UBS (UBSN.VX), Credit Suisse (CSGN.VX), Deutsche Bank, Royal Bank of Scotland (RBS.L), Barclays and BNP Paribas (BNPP.PA) have each cut hundreds or thousands of jobs.

London has also been hit by culls by overseas firms like Nomura (8604.T) and Citigroup (C.N).

The Centre for Economics and Business Research has predicted that by the end of this year the city will have lost 100,000 jobs since 2007, leaving 255,000 finance jobs, the lowest since early 1996.

RBS this week pointed up the unrelenting focus on costs.

Its plan to shrink and reshape its investment bank is on track after cutting 29 percent of bankers since the end of 2010, but it said another 300 jobs will have to go - a warning light for most rivals who have made cuts of 6-10 percent.

"WE HAVE A PROBLEM..."

Typically it takes a new chief executive to deliver a blunt admission that costs need to be attacked.

"We clearly have a cost problem," Stuart Gulliver admitted in May 2011, shortly after taking the CEO hotseat at HSBC (HSBA.L), Europe's biggest bank.

He set out to cut $3.5 billion from annual costs to reverse a similar rise in costs that had added no revenue, but warned it would take several years.

That signals a long cost-cutting road ahead for several new CEOs, and there are already concerns some will not deliver on aggressive promises without battering revenues.

Deutsche Bank's new co-CEO Anshu Jain said he will lead the industry in changing compensation structure after promising to slash annual costs by 4.5 billion euros by 2015, a move he said was born out of a grim outlook for retail and investment banking.

"We do not feel comfortable telling you a revenue story. It will be a cost story," he told investors earlier this month.

Yet many are dubious. After all, Deutsche's costs have been bloated by its investment bank, the business that Jain previously ran.

"Deutsche Bank is being more aggressive and it needs to be. But in achieving that target they are much more likely to suffer an impact on their revenue than their peers," Espirito Santo's Lim said.

Deutsche's costs represented 83 percent of income in the second quarter and Jain wants to bring that below 65 percent and into the 55-65 percent range that is seen as a relatively efficient operating level for investment banks.

Analysts said other banks implementing cutbacks risk failing to execute change while losing revenue at the same time.

Banks have held down costs in the past year, but costs in the first half of 2011 were 45 percent higher than six years earlier, according to analysis of 11 European banks by Reuters last year.

Not all the cost pressure originated in bonus payments.

Banks are now taking a hard line on non-compensation costs too, targeting wasteful spending on IT systems, streamlining procurement, moving staff out of pricey locations and getting strict on travel, newspapers and even biscuits.
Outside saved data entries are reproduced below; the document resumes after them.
(* Let $m\geq 2$ and $G=T^+_{m,1}$ with root $r$, stem $r'$, and children $r_1,\dots,r_m$ of $r$. If $S$ is a Type II set for $G$, then $N_G[r]\setminus\mathcal{P}^\infty(S)=\{r',r_i\}$ for some $i\in[m]$. Furthermore, for all $k\ge 0$, $$H^k_{m,1}=\langle\mathcal{H}^{1}\oplus\mathcal{E}^{m-1}\rangle^k_{m,0}\quad\text{and}\quad E^k_{m,1}=\langle\mathcal{H}^{0}\oplus\mathcal{E}^{m}\rangle^k_{m,0}+\sum_{\ell=0}^{m}\langle\mathcal{H}^{\ell}\oplus\mathcal{E}^{m-\ell}\rangle^{k-1}_{m,0}.$$
   Context: Power domination: for a graph $G=(V,E)$ and $S\subseteq V$, $\mathcal{P}^0(S)=N[S]$ and for $k\ge1$, $\mathcal{P}^k(S)=\mathcal{P}^{k-1}(S)\cup N^*(\mathcal{P}^{k-1}(S))$, where $x\in N^*(A)$ iff some $a\in A$ has $x$ as its only neighbor not in $A$; $\mathcal{P}^\infty(S)$ is the stable value (the set of observed vertices), and $S$ is a power dominating set if $\mathcal{P}^\infty(S)=V$. $T_{m,h}$ is the complete $m$-ary tree of height $h$ rooted at $r$; $T^+_{m,h}$ is $T_{m,h}$ plus a new vertex $r'$ (stem) joined to $r$. For $G=T^+_{m,h}$, a set $S\subseteq V(G)\setminus\{r'\}$ is Type I if it is a power dominating set for $G$; Type II if it is not but $S\cup\{r'\}$ is; Type 0 otherwise. $E^k_{m,h}$ and $H^k_{m,h}$ denote the numbers of Type I and Type II sets of size $k$ for $T^+_{m,h}$ (zero for $k<0$). Define $$\langle\mathcal{H}^{\ell}\oplus\mathcal{E}^{m-\ell}\rangle^k_{m,h}=\sum \binom{m}{\ell}\binom{\ell}{s_0,\dots,s_k}\binom{m-\ell}{t_0,\dots,t_k}\Big(\prod_{j=1}^{\ell}H^{i_j}_{m,h}\Big)\Big(\prod_{j=\ell+1}^{m}E^{i_j}_{m,h}\Big),$$ the sum over all tuples of nonnegative integers $(i_1,\dots,i_m)$ with $i_1\le\cdots\le i_\ell$, $i_{\ell+1}\le\cdots\le i_m$, and $i_1+\cdots+i_m=k$, where $s_\alpha=|\{j\in[\ell]:i_j=\alpha\}|$ and $t_\beta=|\{j\in[\ell+1,m]:i_j=\beta\}|$ (empty sum $=0$ for $k<0$). *)

From mathcomp Require Import all_boot.
Set Implicit Arguments. Unset Strict Implicit. Unset Printing Implicit Defensive.

Section PowerDom.
Variables (V : finType) (adj : rel V).

Definition nbh (x : V) : {set V} := [set y | adj x y].
Definition cnbh (S : {set V}) : {set V} := S :|: \bigcup_(x in S) nbh x.
Definition nstar (A : {set V}) : {set V} :=
  [set x | [exists a in A, (nbh a :\: A) == [set x]]].
Fixpoint pk (k : nat) (S : {set V}) : {set V} :=
  match k with
  | 0 => cnbh S
  | k'.+1 => pk k' S :|: nstar (pk k' S)
  end.
(* P^infty(S): the stable value; the chain P^0 ⊆ P^1 ⊆ ... in the finite
   set V stabilises after at most #|V| steps, so it equals the union of
   P^0, ..., P^{#|V|}. *)
Definition pinf (S : {set V}) : {set V} := \bigcup_(k < #|V|.+1) pk k S.
Definition power_dominating (S : {set V}) : bool := pinf S == [set: V].
End PowerDom.

(* Vertices of T_{m,h}: words over 'I_m of length d <= h (root = empty word,
   children of w are the words rcons w a). *)
Definition tnode (m h : nat) := {d : 'I_h.+1 & (nat_of_ord d).-tuple 'I_m}.
(* Vertices of T^+_{m,h}: None is the stem r', Some w a tree vertex. *)
Definition tvtx (m h : nat) := option (tnode m h).

Definition word (m h : nat) (x : tnode m h) : seq 'I_m := val (tagged x).

Definition childb (m h : nat) (x y : tnode m h) : bool :=
  (size (word y) == (size (word x)).+1) && prefix (word x) (word y).

Definition tadj (m h : nat) (u v : tvtx m h) : bool :=
  match u, v with
  | None, None => false
  | None, Some y => size (word y) == 0
  | Some x, None => size (word x) == 0
  | Some x, Some y => childb x y || childb y x
  end.

Definition troot (m h : nat) : tvtx m h :=
  Some (existT (fun d : 'I_h.+1 => (nat_of_ord d).-tuple 'I_m) ord0 [tuple]).
Definition tstem (m h : nat) : tvtx m h := None.
Definition tchild1 (m : nat) (i : 'I_m) : tvtx m 1 :=
  Some (existT (fun d : 'I_2 => (nat_of_ord d).-tuple 'I_m) ord_max [tuple i]).

Definition TpdS (m h : nat) (S : {set tvtx m h}) : bool :=
  power_dominating (@tadj m h) S.

Definition typeI (m h : nat) (S : {set tvtx m h}) : bool :=
  (tstem m h \notin S) && TpdS S.
Definition typeII (m h : nat) (S : {set tvtx m h}) : bool :=
  [&& tstem m h \notin S, ~~ TpdS S & TpdS (tstem m h |: S)].

(* E^k_{m,h}, H^k_{m,h} for k >= 0 (the value 0 for k < 0 is handled
   explicitly where needed) *)
Definition Ecount (m h k : nat) : nat :=
  #|[set S : {set tvtx m h} | typeI S & #|S| == k]|.
Definition Hcount (m h k : nat) : nat :=
  #|[set S : {set tvtx m h} | typeII S & #|S| == k]|.

Definition multinom (n : nat) (s : seq nat) : nat :=
  n`! %/ \prod_(x <- s) x`!.

(* <H^l (+) E^{m-l}>^k_{m,h}, for k >= 0.  Tuples (i_1,...,i_m) are
   functions f : 'I_m -> 'I_(k+1) (each i_j <= k since they sum to k); the
   positions j < l correspond to [l], the positions j >= l to [l+1, m]. *)
Definition bracket (m h l k : nat) : nat :=
  \sum_(f : {ffun 'I_m -> 'I_k.+1} |
        [&& (\sum_(j < m) (f j : nat) == k)%N,
            [forall j1 : 'I_m, forall j2 : 'I_m,
               ((j1 < j2) && (j2 < l)) ==> (f j1 <= f j2)] &
            [forall j1 : 'I_m, forall j2 : 'I_m,
               ((l <= j1) && (j1 < j2)) ==> (f j1 <= f j2)]])
    'C(m, l)
    * multinom l [seq #|[set j : 'I_m | (j < l) && (f j == a)]| | a : 'I_k.+1]
    * multinom (m - l) [seq #|[set j : 'I_m | (l <= j) && (f j == a)]| | a : 'I_k.+1]
    * (\prod_(j < m | j < l) Hcount m h (f j))
    * (\prod_(j < m | l <= j) Ecount m h (f j)).

(* In T^+_{m,0} (the edge r' -- r) the only Type II set is the empty set and the
   only Type I set is {r}; hence H^i_{m,0} = [i = 0], E^i_{m,0} = [i = 1], and
   every bracket <H^l (+) E^{m-l}>^k_{m,0} reduces to the single tuple
   (0,...,0,1,...,1), giving 'C(m, l) if k = m - l and 0 otherwise.
   In T^+_{m,1} (m >= 2) every vertex except r is a leaf at r.  A stem-free set
   containing r, or containing all children, is power dominating; the set of
   all children but r_i observes exactly itself and r, and becomes power
   dominating once r' is added; if two children are missing, neither S nor
   S + r' is power dominating.  So the Type II sets are the m sets of all
   children but one (H^k_{m,1} = m [k = m - 1]) and the Type I sets are the
   root with any k - 1 children plus the set of all children
   (E^k_{m,1} = 'C(m, k - 1) + [k = m]).  Comparing with the height-0 brackets
   gives the theorem. *)
From mathcomp Require Import all_boot.
Set Implicit Arguments. Unset Strict Implicit. Unset Printing Implicit Defensive.

Section PowerDomination.
Variables (V : finType) (adj : rel V).
Implicit Types (S A : {set V}) (a v x y : V).

Local Notation PD := (power_dominating adj).

Lemma in_cnbh v S : (v \in cnbh adj S) = (v \in S) || [exists x in S, adj x v].
Proof.
rewrite /cnbh in_setU; congr (_ || _).
apply/bigcupP/existsP => [[x xS]|[x /andP[xS]]]; rewrite ?inE => xv;
  by exists x; rewrite ?inE ?xS.
Qed.

Lemma pk_sub_pinf k S : k <= #|V| -> pk adj k S \subset pinf adj S.
Proof. by move=> hk; apply: (bigcup_sup (Ordinal (hk : k < #|V|.+1))). Qed.

Lemma cnbh_sub_pinf S : cnbh adj S \subset pinf adj S.
Proof. exact: (@pk_sub_pinf 0 S (leq0n _)). Qed.

Lemma pd_of_cnbh S : cnbh adj S = [set: V] -> PD S.
Proof. by move=> h; rewrite /power_dominating eqEsubset subsetT -{1}h cnbh_sub_pinf. Qed.

Lemma pd_of_cnbh_but_one S a x :
  (forall v, v != x -> v \in cnbh adj S) -> adj a x -> a != x -> PD S.
Proof.
move=> cover ax a_neq_x.
have obs1 : pk adj 1 S = [set: V].
  apply/setP => v; rewrite [RHS]inE /= in_setU.
  have [->|vx] := eqVneq v x; last by rewrite cover.
  have [//|xN] := boolP (x \in cnbh adj S); rewrite /= inE.
  apply/existsP; exists a; rewrite cover //=.
  apply/eqP/setP => w; rewrite in_setD in_set1 [w \in nbh _ _]inE.
  by have [->|wx] := eqVneq w x; rewrite ?ax ?xN ?cover.
have V_gt0 : 0 < #|V| by apply/card_gt0P; exists x.
by rewrite /power_dominating eqEsubset subsetT -{1}obs1 pk_sub_pinf.
Qed.

(* A set A is forcing-closed when no vertex of A has exactly one neighbour
   outside A; the propagation rule can then never leave A. *)
Definition forcing_closed A :=
  forall a x, a \in A -> x \notin A -> adj a x ->
    exists y, [/\ adj a y, y \notin A & y != x].

Lemma pinf_sub_closed S A :
  cnbh adj S \subset A -> forcing_closed A -> pinf adj S \subset A.
Proof.
move=> NS_A closedA.
suff pkA k : pk adj k S \subset A by apply/bigcupsP => k _; exact: pkA.
elim: k => [|k IH] //=; rewrite subUset IH /=.
apply/subsetP => x; rewrite inE => /existsP[a /andP[aP /eqP forced]].
apply/negPn/negP => xA.
have : x \in nbh adj a :\: pk adj k S by rewrite forced set11.
rewrite !inE => /andP[_ ax].
have [y [ay yA yx]] := closedA a x (subsetP IH a aP) xA ax.
have : y \in nbh adj a :\: pk adj k S.
  by rewrite !inE ay andbT; apply: contra yA; exact: (subsetP IH).
by rewrite forced inE (negbTE yx).
Qed.

Lemma not_pd_of_closed S A x :
  cnbh adj S \subset A -> forcing_closed A -> x \notin A -> ~~ PD S.
Proof.
move=> NS_A closedA xA; apply: contra xA => /eqP full.
by apply: (subsetP (pinf_sub_closed NS_A closedA)); rewrite full inE.
Qed.

End PowerDomination.

Section StarHeightZero.
Variable m : nat.
Local Notation V := (tvtx m 0).
Local Notation stem := (tstem m 0).
Local Notation root := (troot m 0).
Local Notation PD := (power_dominating (@tadj m 0)).
Implicit Types (S : {set V}) (v : V).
But in the volatile and rankings-obsessed world of investment banking, the main worry is that cutting back too hard could see top staff walk and income slump, leaving banks wary.

"If they go too far ahead of the competition they might lose market share and lose their job before they are proved right," Maughan said.

That could see a more steady, persistent approach.

"It looks like death by a thousand cuts. Announcing a massive strategic review would send out the message that an institution is deep trouble," said John Purcell, managing director of London headhunters Purcell & Co.